(Working data begins)
Lemma Delta_cvgNy0 : (fun t => Delta t) @ -oo --> 0.
Proof.
apply: (rate_cvgNy0 _ _ Delta_derive V_derive Delta_derive_le V_derive_le
  (fun t => ltW (Delta_gt0 t)) V_ge0 V0_gt0 DeltaV_le2); lra.
Qed.

End BianchiVI0Orbit.

Section AlphaLimit.
Context {R : realType}.

Lemma alpha_limit_sub_closure (X : R -> pt5 R) (A : set (pt5 R)) :
  (forall t, A (X t)) -> alpha_limit X `<=` closure A.
Proof.
move=> XA p [tk [_ Xtk_p]]; apply: closed_cvg Xtk_p; first exact: closed_closure.
by apply: nearW => k; apply: subset_closure; exact: XA.
Qed.

Lemma alpha_limit_sub_zeros (X : R -> pt5 R) (g : pt5 R -> R) :
  continuous g -> (g \o X) @ -oo --> 0 -> alpha_limit X `<=` [set p | g p = 0].
Proof.
move=> g_cont gX_0 p [tk [tk_Ny Xtk_p]].
exact: cvg_unique (cvg_comp _ _ Xtk_p (g_cont p)) (cvg_comp _ _ tk_Ny gX_0).
Qed.

Lemma NmNp_sqr_continuous : continuous (fun p : pt5 R => NmOf p ^+ 2 - NpOf p ^+ 2).
Proof.
have Nm_cont p : (@NmOf R) @ p --> NmOf p.
  by apply: (@cvg_comp _ _ _ fst snd _ (nbhs p.1)); [exact: cvg_fst | exact: cvg_snd].
have Np_cont p : (@NpOf R) @ p --> NpOf p.
  apply: (@cvg_comp _ _ _ (fun x : pt5 R => x.1.1) snd _ (nbhs p.1.1)); last exact: cvg_snd.
  by apply: (@cvg_comp _ _ _ fst fst _ (nbhs p.1)); exact: cvg_fst.
by move=> p; apply: cvgB; apply: cvgM; apply: Nm_cont || apply: Np_cont.
Qed.

Lemma closure_B1plus_NmNp_sqr_eq (p : pt5 R) :
  closure (B1plus R) p -> NmOf p ^+ 2 = NpOf p ^+ 2 ->
  (BI R `|` B2plusII R `|` B3minusII R) p.
Proof.
move=> p_cl /eqP; rewrite eqf_sqr => /orP[]/eqP Nm_eq;
  have [Np0|Np_neq0] := eqVneq (NpOf p) 0.
- by left; left; split => //; split; rewrite // Nm_eq Np0.
- by left; right.
- by left; left; split => //; split; rewrite // Nm_eq Np0 oppr0.
- by right.
Qed.

End AlphaLimit.

Theorem mainTheorem4 (R : realType) (gamma : R) (X : R -> pt5 R) :
  2 / 3 < gamma -> gamma < 2 ->
  is_solution gamma X ->
  X 0 \in B1plus R `\` S1plus R ->
  (fun t => NmOf (X t) ^+ 2 - NpOf (X t) ^+ 2) @ -oo --> (0 : R) /\
  alpha_limit X `<=` BI R `|` B2plusII R `|` B3minusII R.
Proof.
move=> gamma_gt gamma_lt X_sol X0.
have Delta_lim := Delta_cvgNy0 gamma_gt gamma_lt X_sol X0.
split=> // p alpha_p; apply: closure_B1plus_NmNp_sqr_eq.
  exact: alpha_limit_sub_closure (X_in_B1plus X_sol X0) _ alpha_p.
apply/eqP; rewrite -subr_eq0; apply/eqP.
exact: alpha_limit_sub_zeros NmNp_sqr_continuous Delta_lim _ alpha_p.
Qed.
Theorem mainTheorem3
  (n m : nat) (w : nat -> nat -> R) (p : nat -> R)
  (t0 beta : R) (a0 da0 : nat -> R -> R) (a : nat -> nat -> R -> R)
  (lmin lmax sup_da0 : R)
  (Hgraph : graph_ok n w p)
  (HA1 : assumption_A1 n w p)
  (Ha0 : C1_from t0 m a0 da0)
  (Hbeta : 0 < beta)
  (Hsup : is_lub (fun x => exists t, t0 <= t /\ x = norm2 m (fun k => da0 k t)) sup_da0)
  (HA2 : sup_da0 < beta)
  (Hlmin : is_lambda_min n m w p lmin)
  (Hlmax : is_lambda_max n m w p lmax)
  (Hsol : filippov_solution n m w p beta t0 a0 a) :
  let V0 := / 2 * Mquad n m w p (fun i k => a i k t0 - a0 k t0) in
  let Tf := t0 + sqrt (2 * lmax * V0) / (lmin * (beta - sup_da0)) in
  forall t, Tf <= t ->
    forall i k, (i < n)%nat -> (k < m)%nat -> a i k t = a0 k t.
Proof.
  intros V0 Tf t Ht i k Hi Hk. destruct Hsol as [Hac [Nul [HNul Hfil]]].
  assert (HV : V n m w p a0 a t = 0)
    by (apply (V_vanishes n m w p t0 beta a0 da0 a lmin lmax sup_da0 Nul); auto).
  assert (HQ : Mquad n m w p (abar a0 a t) = 0) by (unfold V in HV; lra).
  pose proof (Mquad_eq0 n m w p Hgraph _ HA1 HQ i k Hi Hk). unfold abar in *. lra.
Qed.
(* Let $n\ge 2$ be an integer and let $Q_{4n}=\langle x,y : x^{2n}=1,\ x^n=y^2,\ yx=x^{-1}y\rangle$ be the generalized quaternion group of order $4n$. Let $\Gamma_{Q_{4n}}$ be its non-commuting graph. Then the spectrum of the distance matrix $D(\Gamma_{Q_{4n}})$ (eigenvalues counted with multiplicity, multiplicities being added if two of the listed values coincide) consists of: (a) $-2$ with multiplicity $3n-3$; (b) $0$ with multiplicity $n-1$; (c) $3(n-1)+\sqrt{5n^2-10n+9}$ and $3(n-1)-\sqrt{5n^2-10n+9}$, each with multiplicity $1$.
   Context: For a finite non-abelian group $G$ with centre $Z(G)$, the non-commuting graph $\Gamma_G$ is the simple undirected graph with vertex set $G\setminus Z(G)$, in which two distinct vertices $u,v$ are adjacent if and only if $uv\ne vu$. For a connected graph $H$, $d_{uv}$ denotes the length of a shortest path between vertices $u$ and $v$, and the distance matrix $D(H)$ is the matrix whose $(u,v)$-entry is $d_{uv}$. *)

From mathcomp Require Import all_boot all_order all_algebra all_fingroup all_solvable all_field.
Set Implicit Arguments. Unset Strict Implicit. Unset Printing Implicit Defensive.
Import GRing.Theory Num.Theory.
From mathcomp Require Import center.
Local Open Scope group_scope.

Section NonCommutingGraph.
Variable gT : finGroupType.
Variable G : {set gT}.

Definition nc_vertices : {set gT} := G :\: (center G).

(* Adjacency: distinct vertices u, v with uv <> vu (u <> v is implied). *)
Definition nc_adj (u v : gT) : bool :=
  [&& u \in nc_vertices, v \in nc_vertices & (u * v != v * u)%g].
(Working data ends)
Set down all the data exactly as given.

● Output below
Lemma Delta_cvgNy0 : (fun t => Delta t) @ -oo --> 0.
Proof.
apply: (rate_cvgNy0 _ _ Delta_derive V_derive Delta_derive_le V_derive_le
  (fun t => ltW (Delta_gt0 t)) V_ge0 V0_gt0 DeltaV_le2); lra.
Qed.

End BianchiVI0Orbit.

Section AlphaLimit.
Context {R : realType}.

Lemma alpha_limit_sub_closure (X : R -> pt5 R) (A : set (pt5 R)) :
  (forall t, A (X t)) -> alpha_limit X `<=` closure A.
Proof.
move=> XA p [tk [_ Xtk_p]]; apply: closed_cvg Xtk_p; first exact: closed_closure.
by apply: nearW => k; apply: subset_closure; exact: XA.
Qed.

Lemma alpha_limit_sub_zeros (X : R -> pt5 R) (g : pt5 R -> R) :
  continuous g -> (g \o X) @ -oo --> 0 -> alpha_limit X `<=` [set p | g p = 0].
Proof.
move=> g_cont gX_0 p [tk [tk_Ny Xtk_p]].
exact: cvg_unique (cvg_comp _ _ Xtk_p (g_cont p)) (cvg_comp _ _ tk_Ny gX_0).
Qed.

Lemma NmNp_sqr_continuous : continuous (fun p : pt5 R => NmOf p ^+ 2 - NpOf p ^+ 2).
Proof.
have Nm_cont p : (@NmOf R) @ p --> NmOf p.
  by apply: (@cvg_comp _ _ _ fst snd _ (nbhs p.1)); [exact: cvg_fst | exact: cvg_snd].
have Np_cont p : (@NpOf R) @ p --> NpOf p.
  apply: (@cvg_comp _ _ _ (fun x : pt5 R => x.1.1) snd _ (nbhs p.1.1)); last exact: cvg_snd.
  by apply: (@cvg_comp _ _ _ fst fst _ (nbhs p.1)); exact: cvg_fst.
by move=> p; apply: cvgB; apply: cvgM; apply: Nm_cont || apply: Np_cont.
Qed.

Lemma closure_B1plus_NmNp_sqr_eq (p : pt5 R) :
  closure (B1plus R) p -> NmOf p ^+ 2 = NpOf p ^+ 2 ->
  (BI R `|` B2plusII R `|` B3minusII R) p.
Proof.
move=> p_cl /eqP; rewrite eqf_sqr => /orP[]/eqP Nm_eq;
  have [Np0|Np_neq0] := eqVneq (NpOf p) 0.
- by left; left; split => //; split; rewrite // Nm_eq Np0.
- by left; right.
- by left; left; split => //; split; rewrite // Nm_eq Np0 oppr0.
- by right.
Qed.

End AlphaLimit.

Theorem mainTheorem4 (R : realType) (gamma : R) (X : R -> pt5 R) :
  2 / 3 < gamma -> gamma < 2 ->
  is_solution gamma X ->
  X 0 \in B1plus R `\` S1plus R ->
  (fun t => NmOf (X t) ^+ 2 - NpOf (X t) ^+ 2) @ -oo --> (0 : R) /\
  alpha_limit X `<=` BI R `|` B2plusII R `|` B3minusII R.
Proof.
move=> gamma_gt gamma_lt X_sol X0.
have Delta_lim := Delta_cvgNy0 gamma_gt gamma_lt X_sol X0.
split=> // p alpha_p; apply: closure_B1plus_NmNp_sqr_eq.
  exact: alpha_limit_sub_closure (X_in_B1plus X_sol X0) _ alpha_p.
apply/eqP; rewrite -subr_eq0; apply/eqP.
exact: alpha_limit_sub_zeros NmNp_sqr_continuous Delta_lim _ alpha_p.
Qed.
Theorem mainTheorem3
  (n m : nat) (w : nat -> nat -> R) (p : nat -> R)
  (t0 beta : R) (a0 da0 : nat -> R -> R) (a : nat -> nat -> R -> R)
  (lmin lmax sup_da0 : R)
  (Hgraph : graph_ok n w p)
  (HA1 : assumption_A1 n w p)
  (Ha0 : C1_from t0 m a0 da0)
  (Hbeta : 0 < beta)
  (Hsup : is_lub (fun x => exists t, t0 <= t /\ x = norm2 m (fun k => da0 k t)) sup_da0)
  (HA2 : sup_da0 < beta)
  (Hlmin : is_lambda_min n m w p lmin)
  (Hlmax : is_lambda_max n m w p lmax)
  (Hsol : filippov_solution n m w p beta t0 a0 a) :
  let V0 := / 2 * Mquad n m w p (fun i k => a i k t0 - a0 k t0) in
  let Tf := t0 + sqrt (2 * lmax * V0) / (lmin * (beta - sup_da0)) in
  forall t, Tf <= t ->
    forall i k, (i < n)%nat -> (k < m)%nat -> a i k t = a0 k t.
Proof.
  intros V0 Tf t Ht i k Hi Hk. destruct Hsol as [Hac [Nul [HNul Hfil]]].
  assert (HV : V n m w p a0 a t = 0)
    by (apply (V_vanishes n m w p t0 beta a0 da0 a lmin lmax sup_da0 Nul); auto).
  assert (HQ : Mquad n m w p (abar a0 a t) = 0) by (unfold V in HV; lra).
  pose proof (Mquad_eq0 n m w p Hgraph _ HA1 HQ i k Hi Hk). unfold abar in *. lra.
Qed.
(* Let $n\ge 2$ be an integer and let $Q_{4n}=\langle x,y : x^{2n}=1,\ x^n=y^2,\ yx=x^{-1}y\rangle$ be the generalized quaternion group of order $4n$. Let $\Gamma_{Q_{4n}}$ be its non-commuting graph. Then the spectrum of the distance matrix $D(\Gamma_{Q_{4n}})$ (eigenvalues counted with multiplicity, multiplicities being added if two of the listed values coincide) consists of: (a) $-2$ with multiplicity $3n-3$; (b) $0$ with multiplicity $n-1$; (c) $3(n-1)+\sqrt{5n^2-10n+9}$ and $3(n-1)-\sqrt{5n^2-10n+9}$, each with multiplicity $1$.
   Context: For a finite non-abelian group $G$ with centre $Z(G)$, the non-commuting graph $\Gamma_G$ is the simple undirected graph with vertex set $G\setminus Z(G)$, in which two distinct vertices $u,v$ are adjacent if and only if $uv\ne vu$. For a connected graph $H$, $d_{uv}$ denotes the length of a shortest path between vertices $u$ and $v$, and the distance matrix $D(H)$ is the matrix whose $(u,v)$-entry is $d_{uv}$. *)

From mathcomp Require Import all_boot all_order all_algebra all_fingroup all_solvable all_field.
Set Implicit Arguments. Unset Strict Implicit. Unset Printing Implicit Defensive.
Import GRing.Theory Num.Theory.
From mathcomp Require Import center.
Local Open Scope group_scope.

Section NonCommutingGraph.
Variable gT : finGroupType.
Variable G : {set gT}.

Definition nc_vertices : {set gT} := G :\: (center G).

(* Adjacency: distinct vertices u, v with uv <> vu (u <> v is implied). *)
Definition nc_adj (u v : gT) : bool :=
  [&& u \in nc_vertices, v \in nc_vertices & (u * v != v * u)%g].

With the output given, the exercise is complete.